Major McLemore is credited with coining the Marine Corps recruiting slogan "First to Fight" ca. 1911 while assigned to the Marine Corps Recruiting Service. This phrase became part of the lyrics of The Marines Hymn.

He died at the Naval Hospital at Mare Island in Vallejo, California, on July 13, 1921, and is buried in Arlington National Cemetery.

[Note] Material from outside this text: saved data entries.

(* Let $G\in\mathrm{C}^1(\mathbb{R})$ be coercive and let $V\in\mathrm{Lip}(\mathbb{R})$ be $1$-periodic. For each $\theta\in\mathbb{R}$ there exist a unique $\overline{H}(\theta)\in\mathbb{R}$ and a unique $1$-periodic $f_\theta\in\mathrm{C}^1(\mathbb{R})$ such that $\int_0^1 f_\theta(x)\,dx=\theta$ and $$f_\theta'(x)+G(f_\theta(x))+V(x)=\overline{H}(\theta)\quad\text{for all }x\in\mathbb{R}.$$
   Context: $G$ coercive means $G(p)\to\infty$ as $p\to\pm\infty$. *)

From Stdlib Require Import Reals.
From Coquelicot Require Import Coquelicot.
Open Scope R_scope.

Definition is_C1 (f : R -> R) : Prop :=
  (forall x, ex_derive f x) /\ (forall x, continuous (Derive f) x).

Definition coercive (G : R -> R) : Prop :=
  filterlim G (Rbar_locally p_infty) (Rbar_locally p_infty) /\
  filterlim G (Rbar_locally m_infty) (Rbar_locally p_infty).

Definition lipschitz (V : R -> R) : Prop :=
  exists L : R, forall x y, Rabs (V x - V y) <= L * Rabs (x - y).

Definition periodic1 (f : R -> R) : Prop := forall x, f (x + 1) = f x.

Definition cell_solution (G V : R -> R) (theta H : R) (f : R -> R) : Prop :=
  is_C1 f /\ periodic1 f /\ RInt f 0 1 = theta /\
  (forall x, Derive f x + G (f x) + V x = H).

(* Two periodic solutions that touch coincide: at a common point (f1 - f2)' = H1 - H2, so
   if H1 > H2 the difference becomes positive and stays so, which periodicity forbids; once
   H1 = H2, Gronwall's inequality (G is locally Lipschitz) gives f1 = f2. Solutions that do
   not touch are strictly ordered, so their means differ: this is uniqueness.
   Existence is by shooting. With G replaced by G (clamp M _) the equation is globally
   Lipschitz, and Picard iteration gives a global solution f(H, a) with f(H, a)(0) = a. Its
   value at 1 is continuous and strictly increasing in H, so there is a unique H(a) with
   f(H(a), a)(1) = a, and H(a) depends continuously on a. Then f(H(a), a) is 1-periodic and,
   by coercivity, stays in [-M, M], so it solves the original equation. Coercivity also puts
   periodic solutions starting high (low) above (below) theta everywhere, and the
   intermediate value theorem applied to the mean of f(H(a), a) yields mean theta. *)

From Stdlib Require Import Reals Lra Lia Psatz ClassicalEpsilon FunctionalExtensionality.
From Coquelicot Require Import Coquelicot.
Open Scope R_scope.

Lemma continuous_epsilon_delta (f : R -> R) x :
  continuous f x <->
  forall eps, 0 < eps -> exists del, 0 < del /\
    forall z, Rabs (z - x) < del -> Rabs (f z - f x) < eps.
Proof.
assert (E : continuity_pt f x <-> forall eps, 0 < eps -> exists del, 0 < del /\
    forall z, Rabs (z - x) < del -> Rabs (f z - f x) < eps).
{ unfold continuity_pt, continue_in, limit1_in, limit_in, D_x, no_cond; simpl; unfold R_dist.
  split; intros H eps Heps; destruct (H eps Heps) as [del [Hdel Hz]];
    exists del; split; auto.
  - intros z Hzx. destruct (Req_dec z x) as [->|Hne].
    + rewrite Rminus_diag, Rabs_R0; exact Heps.
    + apply Hz; auto.
  - intros z [_ Hzx]. apply Hz, Hzx. }
rewrite <- E. split; apply continuity_pt_filterlim.
Qed.

Lemma lipschitz_continuous (g : R -> R) L :
  (forall y z, Rabs (g y - g z) <= L * Rabs (y - z)) -> forall y, continuous g y.
Proof.
intros Hg y. apply continuous_epsilon_delta. intros eps Heps.
assert (HL : 0 <= Rabs L) by apply Rabs_pos.
exists (eps / (Rabs L + 1)). split; [apply Rdiv_lt_0_compat; lra|].
intros z Hz. eapply Rle_lt_trans; [apply Hg|].
apply Rle_lt_trans with (Rabs L * Rabs (z - y)).
{ apply Rmult_le_compat_r; [apply Rabs_pos | apply Rle_abs]. }
assert (Hfrac : Rabs L * (eps / (Rabs L + 1)) < eps).
{ apply (Rmult_lt_reg_r (Rabs L + 1)); [lra|].
  replace (Rabs L * (eps / (Rabs L + 1)) * (Rabs L + 1)) with (Rabs L * eps) by (field; lra).
  nra. }
assert (Rabs L * Rabs (z - y) <= Rabs L * (eps / (Rabs L + 1)))
  by (apply Rmult_le_compat_l; lra).
lra.
Qed.

Lemma lt_of_never_eq (f1 f2 : R -> R) :
  (forall x, continuous f1 x) -> (forall x, continuous f2 x) ->
  (forall x, f1 x <> f2 x) -> f1 0 < f2 0 -> forall x, f1 x < f2 x.
Proof.
intros C1 C2 Hne H0 x.
destruct (Rlt_or_le (f1 x) (f2 x)) as [|Hle]; [assumption | exfalso].
destruct (IVT_gen_consistent (fun t => f2 t - f1 t) 0 x 0) as [z [_ Hz]].
- intro t. apply (continuous_minus f2 f1); auto.
- unfold Rmin, Rmax. destruct Rle_dec; lra.
- apply (Hne z). lra.
Qed.

Definition locally_lipschitz (G : R -> R) : Prop :=
  forall r, exists LG, 0 <= LG /\
    forall p q, Rabs p <= r -> Rabs q <= r -> Rabs (G p - G q) <= LG * Rabs (p - q).

Lemma C1_locally_lipschitz G : is_C1 G -> locally_lipschitz G.
Proof.
intros [Hd Hc] r.
destruct (continuity_ab_maj (fun t => Rabs (Derive G t)) (- Rabs r) (Rabs r))
  as [c [Hmax _]]; [pose proof (Rabs_pos r); lra | |].
{ intros t _. apply continuity_pt_filterlim, (continuous_comp (Derive G) Rabs);
    [apply Hc | apply continuous_Rabs]. }
exists (Rabs (Derive G c)). split; [apply Rabs_pos|]. intros p q Hp Hq.
destruct (MVT_gen G q p (Derive G)) as [d [Hd1 Heq]].
- intros x _. apply Derive_correct, Hd.
- intros x _. apply continuity_pt_filterlim, (ex_derive_continuous G), Hd.
- rewrite Heq, Rabs_mult. apply Rmult_le_compat_r; [apply Rabs_pos|].
  apply Hmax. pose proof (Rle_abs r).
  apply Rabs_le_between in Hp. apply Rabs_le_between in Hq.
  unfold Rmin, Rmax in Hd1. destruct Rle_dec; lra.
Qed.

Lemma locally_lipschitz_continuous G : locally_lipschitz G -> forall p, continuous G p.
Proof.
intros HG p. destruct (HG (Rabs p + 1)) as [LG [HLG HLip]].
apply continuous_epsilon_delta. intros eps Heps.
exists (Rmin 1 (eps / (LG + 1))). split; [apply Rmin_glb_lt; [lra | apply Rdiv_lt_0_compat; lra]|].
intros z Hz.
assert (Hz1 : Rabs (z - p) < 1) by (eapply Rlt_le_trans; [apply Hz | apply Rmin_l]).
assert (Hz2 : Rabs (z - p) < eps / (LG + 1)) by (eapply Rlt_le_trans; [apply Hz | apply Rmin_r]).
assert (Habs : Rabs z <= Rabs p + 1)
  by (replace z with (p + (z - p)) by ring; pose proof (Rabs_triang p (z - p)); lra).
eapply Rle_lt_trans; [apply HLip; [exact Habs | pose proof (Rabs_pos p); lra]|].
apply Rle_lt_trans with ((LG + 1) * Rabs (z - p)); [pose proof (Rabs_pos (z - p)); nra|].
apply (Rmult_lt_compat_l (LG + 1)) in Hz2; [|lra].
replace ((LG + 1) * (eps / (LG + 1))) with eps in Hz2 by (field; lra). exact Hz2.
Qed.

Lemma continuous_monotone_root (Phi : R -> R -> R) (h : R -> R) a r : 0 < r ->
  (forall b, Rabs (b - a) < r -> Phi (h b) b = 0) ->
  (forall b H H', Rabs (b - a) < r -> H < H' -> Phi H b < Phi H' b) ->
  (forall H, continuous (Phi H) a) ->
  continuous h a.
Proof.
intros Hr Hroot Hmono Hcont. apply continuous_epsilon_delta. intros eps Heps.
assert (Hmono' : forall b H H', Rabs (b - a) < r -> H <= H' -> Phi H b <= Phi H' b)
  by (intros b H H' Hb [Hlt | ->]; [left; apply Hmono | right]; auto).
assert (Ha : Rabs (a - a) < r) by (rewrite Rminus_diag, Rabs_R0; exact Hr).
assert (Hup : 0 < Phi (h a + eps) a) by (rewrite <- (Hroot a Ha); apply Hmono; [exact Ha | lra]).
assert (Hdn : 0 < - Phi (h a - eps) a)
  by (assert (Phi (h a - eps) a < Phi (h a) a) by (apply Hmono; [exact Ha | lra]);
      rewrite (Hroot a Ha) in *; lra).
destruct (proj1 (continuous_epsilon_delta _ a) (Hcont (h a + eps)) _ Hup) as [d1 [Hd1 H1]].
destruct (proj1 (continuous_epsilon_delta _ a) (Hcont (h a - eps)) _ Hdn) as [d2 [Hd2 H2]].
exists (Rmin r (Rmin d1 d2)). split; [repeat apply Rmin_glb_lt; lra|]. intros b Hb.
assert (Hbr : Rabs (b - a) < r) by (eapply Rlt_le_trans; [apply Hb | apply Rmin_l]).
assert (Hbd : Rabs (b - a) < Rmin d1 d2) by (eapply Rlt_le_trans; [apply Hb | apply Rmin_r]).
specialize (H1 b (Rlt_le_trans _ _ _ Hbd (Rmin_l _ _))). apply Rabs_def2 in H1.
specialize (H2 b (Rlt_le_trans _ _ _ Hbd (Rmin_r _ _))). apply Rabs_def2 in H2.
specialize (Hroot b Hbr). apply Rabs_def1.
- destruct (Rlt_or_le (h b - h a) eps) as [|Hge]; [assumption|].
  specialize (Hmono' b (h a + eps) (h b) Hbr ltac:(lra)). lra.
- destruct (Rlt_or_le (- eps) (h b - h a)) as [|Hle]; [assumption|].
  specialize (Hmono' b (h b) (h a - eps) Hbr ltac:(lra)). lra.
Qed.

==Marine Corps Brevet Medal citation==

===Secretary of the Navy citation===
Citation
The Secretary of the Navy takes pleasure in transmitting to First Lieutenant, United States Marine Corps, the Brevet Medal which is awarded in accordance with Marine Corps Order No. 26 (1921), for distinguished conduct and public service in the presence of the enemy while serving with Company E, First Marine (Huntington's) Battalion, at Guantanamo, Cuba, on 11 June 1898. On 18 March 1901, First Lieutenant McLemore is appointed Captain, by brevet, to take rank from 11 June 1898.